After two dismal years, chipmakers finally have some reasons for optimism.

Why are things looking up? Start with pent-up enterprise demand. According to one estimate, more than 180 million corporate PCs are at least four years old. Corporate spending certainly helped Intel, which showed strong fourth-quarter revenue growth after a relatively flat year. And although AMD turned in a disappointing fourth quarter, it could at least claim double-digit revenue growth.

AMD is also on track to compete in the enterprise server market this year with its 64-bit Opteron chip; it has also signed joint agreement with IBM to develop new nanoscale chip fabrication techniques. Intel is responding with an updated version of its Itanium 2 processor, and it has moved up plans to introduce the world's first dual-core processor, code-named Montecito, to 2005.

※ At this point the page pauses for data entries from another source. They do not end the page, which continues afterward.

(* Let $S$ be a stable subset of a stable $L^0$-module equipped with a stable topology $\mathscr T$. The following are equivalent: (i) $S$ is stable compact; (ii) every stable ultrafilter on $S$ has a cluster point in $S$; (iii) for every stable collection $\mathscr O$ of stable open sets with $S=\bigcup\mathscr O$ there is a stable finite subcollection $\tilde{\mathscr O}\subset\mathscr O$ with $S=\bigcup\tilde{\mathscr O}$; (iv) every stable collection $\mathscr C$ of stable closed subsets of $S$ such that $\bigcap\tilde{\mathscr C}\neq\emptyset$ for every stable finite subcollection $\tilde{\mathscr C}\subset\mathscr C$ satisfies $\bigcap\mathscr C\neq\emptyset$.
   Context: $L^0$ is the ring of real measurable functions on a probability space $(\Omega,\mathcal F,\mathbb P)$ modulo a.e. equality. An $L^0$-module $E$ is stable if for every countable measurable partition $(A_k)$ of $\Omega$ and $(x_k)\subset E$ there is a unique $x=\sum_k1_{A_k}x_k$ with $1_{A_k}x=1_{A_k}x_k$ for all $k$. A nonempty $S\subset E$ is stable if it contains all such concatenations of its elements. For stable sets $Y_k$, $\sum_k1_{A_k}Y_k:=\{\sum_k1_{A_k}y_k:y_k\in Y_k\}$; a nonempty collection of stable sets is stable if it is closed under this operation. For a nonempty collection $\mathscr X$ of stable sets, $\mathrm{st}(\mathscr X)=\{\sum_j1_{B_j}U_j:U_j\in\mathscr X,(B_j)\text{ countable measurable partition}\}$; a subcollection $\tilde{\mathscr O}$ of a stable collection $\mathscr O$ is stable finite if $\tilde{\mathscr O}=\{\sum_k1_{A_k}V_k:V_k\in\mathrm{st}(\mathscr O_k)\}$ for a countable measurable partition $(A_k)$ and finite nonempty $\mathscr O_k\subset\mathscr O$. A topology on $S$ is stable if it has a base which is a stable collection of stable sets. A filter on $S$ is stable if it has a filter base which is a stable collection of stable sets; a stable ultrafilter is a maximal stable filter. $S$ is stable compact if every stable filter on $S$ has a cluster point in $S$. *)

From Stdlib Require Import Reals ClassicalEpsilon List.
Set Implicit Arguments.
Open Scope R_scope.

Record ProbSpace (Omega : Type) := {
  meas : (Omega -> Prop) -> Prop;
  prob : (Omega -> Prop) -> R;
  meas_full : meas (fun _ => True);
  meas_compl : forall A, meas A -> meas (fun w => ~ A w);
  meas_cunion : forall A : nat -> Omega -> Prop,
      (forall n, meas (A n)) -> meas (fun w => exists n, A n w);
  prob_nonneg : forall A, meas A -> 0 <= prob A;
  prob_full : prob (fun _ => True) = 1;
  prob_sigma_add : forall A : nat -> Omega -> Prop,
      (forall n, meas (A n)) ->
      (forall i j w, i <> j -> A i w -> A j w -> False) ->
      infinite_sum (fun n => prob (A n)) (prob (fun w => exists n, A n w))
}.
Arguments meas {Omega} _ _.
Arguments prob {Omega} _ _.

Section L0.
Context {Omega : Type} (PS : ProbSpace Omega).

(** real measurable functions (representatives of elements of L^0) *)
Definition measurable_fun (f : Omega -> R) : Prop :=
  forall c : R, meas PS (fun w => f w < c).

Definition null_set (N : Omega -> Prop) : Prop :=
  exists M, meas PS M /\ prob PS M = 0 /\ forall w, N w -> M w.

Definition ae_eq (f g : Omega -> R) : Prop := null_set (fun w => f w <> g w).

Definition ind (A : Omega -> Prop) : Omega -> R :=
  fun w => if excluded_middle_informative (A w) then 1 else 0.

Definition partition (A : nat -> Omega -> Prop) : Prop :=
  (forall k, meas PS (A k)) /\
  (forall i j w, i <> j -> A i w -> A j w -> False) /\
  (forall w, exists k, A k w).
End L0.

(** An L^0-module: an abelian group E with an action of (representatives of)
    L^0 satisfying the module axioms; a.e.-equal functions act identically,
    so this is exactly a module over the quotient ring L^0. *)
Record L0Module {Omega : Type} (PS : ProbSpace Omega) (E : Type) := {
  zero : E;
  add : E -> E -> E;
  opp : E -> E;
  smul : (Omega -> R) -> E -> E;
  addA : forall x y z, add x (add y z) = add (add x y) z;
  addC : forall x y, add x y = add y x;
  add0 : forall x, add zero x = x;
  addN : forall x, add (opp x) x = zero;
  smul_addr : forall f x y, measurable_fun PS f ->
      smul f (add x y) = add (smul f x) (smul f y);
  smul_addl : forall f g x, measurable_fun PS f -> measurable_fun PS g ->
      smul (fun w => f w + g w) x = add (smul f x) (smul g x);
  smul_mul : forall f g x, measurable_fun PS f -> measurable_fun PS g ->
      smul (fun w => f w * g w) x = smul f (smul g x);
  smul_one : forall x, smul (fun _ => 1) x = x;
  smul_ae : forall f g x, measurable_fun PS f -> measurable_fun PS g ->
      ae_eq PS f g -> smul f x = smul g x
}.
Arguments smul {Omega PS E} _ _ _.

Section Stable.
Context {Omega : Type} {PS : ProbSpace Omega} {E : Type} (M : L0Module PS E).

(** x = sum_k 1_{A_k} y_k *)
Definition is_concat (A : nat -> Omega -> Prop) (y : nat -> E) (x : E) : Prop :=
  forall k, smul M (ind (A k)) x = smul M (ind (A k)) (y k).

Chipmakers also are benefiting from the wireless boom. Intel has invested hundreds of millions of dollars in wireless startups to extend its lead developing mobile chips and related technologies, and its Centrino wireless chip line is due within the next few months.

What's farther ahead? Ever-smaller chip designs, including a transistor prototype from IBM that's 10 times smaller than anything on the market today. Given renewed demand for smaller, faster, and more efficient chips, manufacturers aren't likely to quit pushing Moore's Law as hard as they can.